[Supplied data]
--- START ---
(* Let $0<a<1$ and let $\tau_1,\tau_2:[0,a]\to[0,1]$ be continuously differentiable, strictly increasing maps with $\tau_i(0)=0$, $\tau_i(a)=1$, $\tau_1(x)\le x/a$ and $\tau_2(x)\ge x/a$, such that $\tau_{21}=\tau_2^{-1}\circ\tau_1:[0,a]\to[0,a]$ is continuously differentiable and satisfies $\tau_{21}(x)<x$ for $x\in(0,a)$. Let $0<\widehat a<a$ and $\sigma<1$ be such that $\tau_{21}'(x)\le\sigma$ for $x\in[0,\widehat a]$, and let $p$ be the unique bounded solution on $[0,\widehat a]$ of $$p(x)=p(\tau_{21}(x))\,\tau_{21}'(x)-\left[\tau_{21}'(x)-a\,\tau_1'(x)\right].\qquad(\ast)$$ Then $p$ extends uniquely to a function on $[0,a)$ satisfying $(\ast)$ for all $x\in[0,a)$, and this extension is given for every $x\in[0,a)$ by the convergent series $$p(x)=\sum_{n=0}^\infty B(\tau_{21}^n(x))\,(\tau_{21}^n)'(x),\qquad B(x)=a\,\tau_1'(x)-\tau_{21}'(x).$$ In particular, the resulting function on $[0,a)$ does not depend on the choice of $\widehat a$. *)

From Stdlib Require Import Reals.
From Coquelicot Require Import Coquelicot.
Open Scope R_scope.

Fixpoint iterf (n : nat) (f : R -> R) (x : R) : R :=
  match n with
  | O => x
  | S k => f (iterf k f x)
  end.

Definition has_derivative_on (f f' : R -> R) (lo hi : R) : Prop :=
  forall x, lo <= x <= hi ->
    filterlim (fun y => (f y - f x) / (y - x))
      (within (fun y => lo <= y <= hi /\ y <> x) (locally x))
      (locally (f' x)).

Definition continuous_on_interval (g : R -> R) (lo hi : R) : Prop :=
  forall x, lo <= x <= hi ->
    filterlim g (within (fun y => lo <= y <= hi) (locally x)) (locally (g x)).

Definition C1_on (f f' : R -> R) (lo hi : R) : Prop :=
  has_derivative_on f f' lo hi /\ continuous_on_interval f' lo hi.

Definition strictly_increasing_on (f : R -> R) (lo hi : R) : Prop :=
  forall x y, lo <= x <= hi -> lo <= y <= hi -> x < y -> f x < f y.

From Stdlib Require Import Reals Lra Classical.
From Coquelicot Require Import Coquelicot.
Open Scope R_scope.

(* Unwinding the functional equation n times writes p x as the n-th partial sum of the
   series plus the remainder (t21^(n+1))'(x) p(t21^(n+1) x).  On [0, ahat] the chain rule
   bounds that derivative by sigma^(n+1), so the remainder vanishes and the series sums
   to p.  For x < a the orbit of t21 decreases and could only accumulate at a fixed point
   of t21 in (0, a), which does not exist; hence it enters [0, ahat] after finitely many
   steps, and unwinding the equation along those steps both extends p uniquely and
   gives convergence of the series at x. *)

Lemma iterf_S (n : nat) (f : R -> R) (x : R) : iterf (S n) f x = iterf n f (f x).
Proof. induction n as [|n IH]; simpl; [reflexivity|]. now rewrite <- IH. Qed.

Lemma strictly_increasing_on_inj (f : R -> R) (lo hi : R) :
  strictly_increasing_on f lo hi ->
  forall x y, lo <= x <= hi -> lo <= y <= hi -> f x = f y -> x = y.
Proof.
  intros Hf x y Hx Hy E.
  destruct (Rtotal_order x y) as [L|[L|L]]; auto.
  - specialize (Hf x y Hx Hy L). lra.
  - specialize (Hf y x Hy Hx L). lra.
Qed.

Lemma strictly_increasing_on_of_comp (f g h : R -> R) (lo hi : R) :
  strictly_increasing_on g lo hi -> strictly_increasing_on h lo hi ->
  (forall x, lo <= x <= hi -> lo <= f x <= hi) ->
  (forall x, lo <= x <= hi -> h (f x) = g x) ->
  strictly_increasing_on f lo hi.
Proof.
  intros Hg Hh Hf Hhf x y Hx Hy Hxy. apply Rnot_le_lt. intros Hyx.
  pose proof (Hg x y Hx Hy Hxy) as Hgxy. rewrite <- (Hhf x Hx), <- (Hhf y Hy) in Hgxy.
  destruct (Rle_lt_or_eq_dec _ _ Hyx) as [Hlt|Heq].
  - pose proof (Hh _ _ (Hf y Hy) (Hf x Hx) Hlt). lra.
  - rewrite Heq in Hgxy. lra.
Qed.

Section IntervalDerivative.

Variables lo hi : R.
Hypothesis lo_lt_hi : lo < hi.

Local Notation punctured x := (within (fun y => lo <= y <= hi /\ y <> x) (locally x)).

Lemma punctured_interval_proper (x : R) :
  lo <= x <= hi -> ProperFilter' (punctured x).
Proof.
  intros Hx. split; [|apply within_filter, locally_filter].
  intros [e He].
  set (h := Rmin (e / 2) (Rmax (hi - x) (x - lo))).
  assert (Hh : 0 < h /\ h < e).
  { unfold h. pose proof (cond_pos e). pose proof (Rmin_l (e / 2) (Rmax (hi - x) (x - lo))).
    split; [apply Rmin_glb_lt; [lra|]|lra].
    apply Rmax_case_strong; intros; lra. }
  destruct (Rle_or_lt (x - lo) (hi - x)) as [Hc|Hc].
  - apply (He (x + h)).
    + change (Rabs (x + h - x) < e). rewrite Rabs_right; lra.
    + unfold h in *. rewrite Rmax_left in * by lra. pose proof (Rmin_r (e / 2) (hi - x)). lra.
  - apply (He (x - h)).
    + change (Rabs (x - h - x) < e). rewrite Rabs_left; lra.
    + unfold h in *. rewrite Rmax_right in * by lra. pose proof (Rmin_r (e / 2) (x - lo)). lra.
Qed.

Lemma has_derivative_on_unique (f f1 f2 : R -> R) (x : R) :
  has_derivative_on f f1 lo hi -> has_derivative_on f f2 lo hi ->
  lo <= x <= hi -> f1 x = f2 x.
Proof.
  intros H1 H2 Hx.
  exact (filterlim_locally_unique (FF := punctured_interval_proper x Hx) _ _ _ (H1 x Hx) (H2 x Hx)).
Qed.

Lemma has_derivative_on_nonneg (f f' : R -> R) (x : R) :
  strictly_increasing_on f lo hi -> has_derivative_on f f' lo hi ->
  lo <= x <= hi -> 0 <= f' x.
Proof.
  intros Hf Hd Hx.
  apply (filterlim_le (FF := punctured_interval_proper x Hx) (fun _ => 0)
           (fun y => (f y - f x) / (y - x)) 0 (f' x)); [|apply filterlim_const|exact (Hd x Hx)].
  exists (mkposreal 1 Rlt_0_1). intros y _ [Hy Hyx].
  destruct (Rtotal_order x y) as [L|[L|L]]; [| congruence |].
  - apply Rlt_le, Rdiv_lt_0_compat; [specialize (Hf x y Hx Hy L)|]; lra.
  - replace ((f y - f x) / (y - x)) with ((f x - f y) / (x - y)) by (field; lra).
    apply Rlt_le, Rdiv_lt_0_compat; [specialize (Hf y x Hy Hx L)|]; lra.
Qed.

Lemma has_derivative_on_continuous (f f' : R -> R) (x : R) :
  has_derivative_on f f' lo hi -> lo <= x <= hi ->
  filterlim f (punctured x) (locally (f x)).
Proof.
  intros Hd Hx.
  assert (Hid : filterlim (fun y => y) (punctured x) (locally x)).
  { intros P HP. exact (filter_imp P _ (fun y Py _ => Py) HP). }
  assert (Hshift : filterlim (fun y => y + - x) (punctured x) (locally (x + - x))).
  { exact (filterlim_comp_2 _ _ Rplus Hid (filterlim_const (- x))
             (filterlim_Rbar_plus x (- x) (x + - x) eq_refl)). }
  assert (Hlin : filterlim (fun y => f x + (f y - f x) / (y - x) * (y + - x))
                   (punctured x) (locally (f x + f' x * (x + - x)))).
  { apply (filterlim_comp_2 (H := locally (f' x * (x + - x))) _ _ Rplus (filterlim_const (f x))).
    - exact (filterlim_comp_2 _ _ Rmult (Hd x Hx) Hshift
               (filterlim_Rbar_mult (f' x) (x + - x) _ eq_refl)).
    - exact (filterlim_Rbar_plus (f x) (f' x * (x + - x)) _ eq_refl). }
  replace (f x + f' x * (x + - x)) with (f x) in Hlin by ring.
  eapply filterlim_ext_loc; [|exact Hlin].
  exists (mkposreal 1 Rlt_0_1). intros y _ [_ Hyx]. field. lra.
Qed.

Lemma has_derivative_on_comp (g g' f f' : R -> R) :
  has_derivative_on g g' lo hi -> has_derivative_on f f' lo hi ->
  (forall x, lo <= x <= hi -> lo <= f x <= hi) ->
  (forall x y, lo <= x <= hi -> lo <= y <= hi -> f x = f y -> x = y) ->
  has_derivative_on (fun x => g (f x)) (fun x => g' (f x) * f' x) lo hi.
Proof.
  intros Hg Hf Hmap Hinj x Hx.
  assert (Himg : punctured x (fun y => lo <= f y <= hi /\ f y <> f x)).
  { exists (mkposreal 1 Rlt_0_1). intros y _ [Hy Hyx].
    split; [apply Hmap, Hy|]. intros E. apply Hyx, Hinj; auto. }
  assert (Hfl : filterlim f (punctured x) (punctured (f x))).
  { intros P HP.
    assert (Hc : punctured x (fun y => lo <= f y <= hi /\ f y <> f x -> P (f y)))
      by exact (has_derivative_on_continuous f f' x Hf Hx _ HP).
    generalize (filter_and _ _ Hc Himg).
    unfold filtermap. apply filter_imp. intros y [HPy Hy]. exact (HPy Hy). }
  assert (Hquot := filterlim_comp _ _ _ f (fun z => (g z - g (f x)) / (z - f x)) _ _ _
                     Hfl (Hg (f x) (Hmap x Hx))).
  eapply filterlim_ext_loc;
    [|exact (filterlim_comp_2 _ _ Rmult Hquot (Hf x Hx)
                                   (filterlim_Rbar_mult (g' (f x)) (f' x) _ eq_refl))].
  generalize Himg. apply filter_imp. intros y [_ Hfy]. simpl.
  assert (y <> x) by (intros ->; contradiction).
  field. lra.
Qed.

Section Iterates.

Variables (f f' : R -> R) (D : nat -> R -> R).
Hypothesis f_maps : forall x, lo <= x <= hi -> lo <= f x <= hi.
Hypothesis f_inc : strictly_increasing_on f lo hi.
Hypothesis f_deriv : has_derivative_on f f' lo hi.
Hypothesis D_deriv : forall n, has_derivative_on (iterf n f) (D n) lo hi.

Lemma iterf_maps (n : nat) (x : R) : lo <= x <= hi -> lo <= iterf n f x <= hi.
Proof. induction n; simpl; auto. Qed.

Lemma iter_derivative_0 (x : R) : lo <= x <= hi -> D 0 x = 1.
Proof.
  intros Hx. apply (has_derivative_on_unique (iterf 0 f) _ (fun _ => 1) x (D_deriv 0)); [|exact Hx].
  intros y Hy. eapply filterlim_ext_loc; [|apply filterlim_const].
  exists (mkposreal 1 Rlt_0_1). intros z _ [_ Hzy]. simpl. field. lra.
Qed.

Lemma iter_derivative_S (n : nat) (x : R) :
  lo <= x <= hi -> D (S n) x = D n (f x) * f' x.
Proof.
  intros Hx. apply (has_derivative_on_unique (iterf (S n) f) _ (fun y => D n (f y) * f' y) x
                                   (D_deriv (S n))); [|exact Hx].
  intros y Hy. eapply filterlim_ext;
    [|exact (has_derivative_on_comp _ _ _ _ (D_deriv n) f_deriv f_maps
               (strictly_increasing_on_inj f lo hi f_inc) y Hy)].
  intros z. simpl. now rewrite <- !iterf_S.
Qed.

End Iterates.

End IntervalDerivative.

Lemma iterf_eventually_le (f : R -> R) (lo hi c x : R) :
  lo <= c -> x <= hi ->
  (forall y, c <= y <= x -> f y < y) ->
  (forall y, c <= y <= x ->
     filterlim f (within (fun z => lo <= z <= hi /\ z <> y) (locally y)) (locally (f y))) ->
  exists N, iterf N f x <= c.
Proof.
  intros Hlo Hhi Hdecr Hcont.
  apply NNPP. intros Hnot.
  set (u n := iterf n f x).
  assert (Habove : forall n, c < u n).
  { intros n. apply Rnot_le_lt. intros Hn. apply Hnot. exists n. exact Hn. }
  assert (Hin : forall n, c < u n <= x).
  { induction n as [|n IH]; [split; [apply Habove|apply Rle_refl]|].
    split; [apply Habove|]. pose proof (Hdecr (u n) ltac:(lra)). change (f (u n) <= x). lra. }
  assert (Hstep : forall n, u (S n) < u n).
  { intros n. apply Hdecr. pose proof (Hin n). lra. }
  destruct (ex_finite_lim_seq_decr u c (fun n => Rlt_le _ _ (Hstep n))
              (fun n => Rlt_le _ _ (Habove n))) as [L HL].
  assert (HLu : forall n, L < u n).
  { intros n. apply Rle_lt_trans with (u (S n)); [|apply Hstep].
    apply (is_lim_seq_decr_compare u L HL (fun n => Rlt_le _ _ (Hstep n))). }
  assert (HLc : c <= L).
  { apply (is_lim_seq_le (fun _ => c) u c L);
      [intros n; apply Rlt_le, Habove|apply is_lim_seq_const|exact HL]. }
  assert (HLx : L <= x) by exact (Rlt_le _ _ (HLu 0%nat)).
  assert (Hfu : is_lim_seq (fun n => f (u n)) (f L)).
  { apply (filterlim_comp _ _ _ u f _ (within (fun z => lo <= z <= hi /\ z <> L) (locally L)));
      [|apply Hcont; lra].
    intros P HP. unfold filtermap.
    apply (filter_imp (fun n => (lo <= u n <= hi /\ u n <> L) -> P (u n))).
    - intros n Hn. apply Hn. pose proof (Hin n). pose proof (HLu n).
      split; [lra|]. apply Rgt_not_eq. lra.
    - exact (HL _ HP). }
  assert (Hfix : f L = L).
  { apply is_lim_seq_incr_1 in HL.
    assert (E := is_lim_seq_unique _ _ HL).
    change (Lim_seq (fun n => f (u n)) = L) in E.
    rewrite (is_lim_seq_unique _ _ Hfu) in E. now injection E. }
  pose proof (Hdecr L ltac:(lra)). lra.
Qed.

Section FunctionalEquation.

Variables (I : R -> Prop) (t t' B : R -> R) (D : nat -> R -> R).
Hypothesis I_stable : forall x, I x -> I (t x).
Hypothesis D_0 : forall x, I x -> D 0%nat x = 1.
Hypothesis D_S : forall n x, I x -> D (S n) x = D n (t x) * t' x.

Definition solves_at (q : R -> R) (x : R) : Prop := q x = q (t x) * t' x + B x.

Definition series_term (x : R) (n : nat) : R := B (iterf n t x) * D n x.

Lemma D_S_iterf (n : nat) (x : R) : I x -> D (S n) x = t' (iterf n t x) * D n x.
Proof.
  revert x. induction n as [|n IH]; intros x Hx.
  - rewrite D_S, !D_0 by auto. simpl. ring.
  - rewrite D_S, IH, D_S, <- iterf_S by auto. simpl. ring.
Qed.

Lemma is_series_term_shift (x s : R) :
  I x -> is_series (series_term (t x)) s -> is_series (series_term x) (B x + t' x * s).
Proof.
  intros Hx Hs. apply is_series_decr_1.
  match goal with |- is_series _ ?v =>
    replace v with (scal (t' x) s)
      by (unfold series_term, plus, opp, scal; simpl; rewrite D_0 by exact Hx;
          unfold mult; simpl; ring) end.
  eapply is_series_ext; [|exact (is_series_scal_l (t' x) _ _ Hs)].
  intros n. unfold series_term, scal; simpl; unfold mult; simpl.
  rewrite D_S, <- iterf_S by exact Hx. simpl. ring.
Qed.

Lemma ex_series_term_iterf (N : nat) (x : R) :
  I x -> ex_series (series_term (iterf N t x)) -> ex_series (series_term x).
Proof.
  revert x. induction N as [|N IH]; intros x Hx Hex; [exact Hex|].
  rewrite iterf_S in Hex. destruct (IH (t x) (I_stable x Hx) Hex) as [s Hs].
  exists (B x + t' x * s). apply is_series_term_shift; assumption.
Qed.

Lemma Series_term_solves (x : R) :
  I x -> ex_series (series_term (t x)) -> solves_at (fun y => Series (series_term y)) x.
Proof.
  intros Hx [s Hs]. unfold solves_at.
  rewrite (is_series_unique _ _ (is_series_term_shift x s Hx Hs)), (is_series_unique _ _ Hs).
  ring.
Qed.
--- END ---
From the records above, print only the lines between the one holding "exact (filterlim_locally_unique (FF" and the one holding "(forall x y, lo", inclusive, exactly as they stand.

[Result]
  exact (filterlim_locally_unique (FF := punctured_interval_proper x Hx) _ _ _ (H1 x Hx) (H2 x Hx)).
Qed.

Lemma has_derivative_on_nonneg (f f' : R -> R) (x : R) :
  strictly_increasing_on f lo hi -> has_derivative_on f f' lo hi ->
  lo <= x <= hi -> 0 <= f' x.
Proof.
  intros Hf Hd Hx.
  apply (filterlim_le (FF := punctured_interval_proper x Hx) (fun _ => 0)
           (fun y => (f y - f x) / (y - x)) 0 (f' x)); [|apply filterlim_const|exact (Hd x Hx)].
  exists (mkposreal 1 Rlt_0_1). intros y _ [Hy Hyx].
  destruct (Rtotal_order x y) as [L|[L|L]]; [| congruence |].
  - apply Rlt_le, Rdiv_lt_0_compat; [specialize (Hf x y Hx Hy L)|]; lra.
  - replace ((f y - f x) / (y - x)) with ((f x - f y) / (x - y)) by (field; lra).
    apply Rlt_le, Rdiv_lt_0_compat; [specialize (Hf y x Hy Hx L)|]; lra.
Qed.

Lemma has_derivative_on_continuous (f f' : R -> R) (x : R) :
  has_derivative_on f f' lo hi -> lo <= x <= hi ->
  filterlim f (punctured x) (locally (f x)).
Proof.
  intros Hd Hx.
  assert (Hid : filterlim (fun y => y) (punctured x) (locally x)).
  { intros P HP. exact (filter_imp P _ (fun y Py _ => Py) HP). }
  assert (Hshift : filterlim (fun y => y + - x) (punctured x) (locally (x + - x))).
  { exact (filterlim_comp_2 _ _ Rplus Hid (filterlim_const (- x))
             (filterlim_Rbar_plus x (- x) (x + - x) eq_refl)). }
  assert (Hlin : filterlim (fun y => f x + (f y - f x) / (y - x) * (y + - x))
                   (punctured x) (locally (f x + f' x * (x + - x)))).
  { apply (filterlim_comp_2 (H := locally (f' x * (x + - x))) _ _ Rplus (filterlim_const (f x))).
    - exact (filterlim_comp_2 _ _ Rmult (Hd x Hx) Hshift
               (filterlim_Rbar_mult (f' x) (x + - x) _ eq_refl)).
    - exact (filterlim_Rbar_plus (f x) (f' x * (x + - x)) _ eq_refl). }
  replace (f x + f' x * (x + - x)) with (f x) in Hlin by ring.
  eapply filterlim_ext_loc; [|exact Hlin].
  exists (mkposreal 1 Rlt_0_1). intros y _ [_ Hyx]. field. lra.
Qed.

Lemma has_derivative_on_comp (g g' f f' : R -> R) :
  has_derivative_on g g' lo hi -> has_derivative_on f f' lo hi ->
  (forall x, lo <= x <= hi -> lo <= f x <= hi) ->
  (forall x y, lo <= x <= hi -> lo <= y <= hi -> f x = f y -> x = y) ->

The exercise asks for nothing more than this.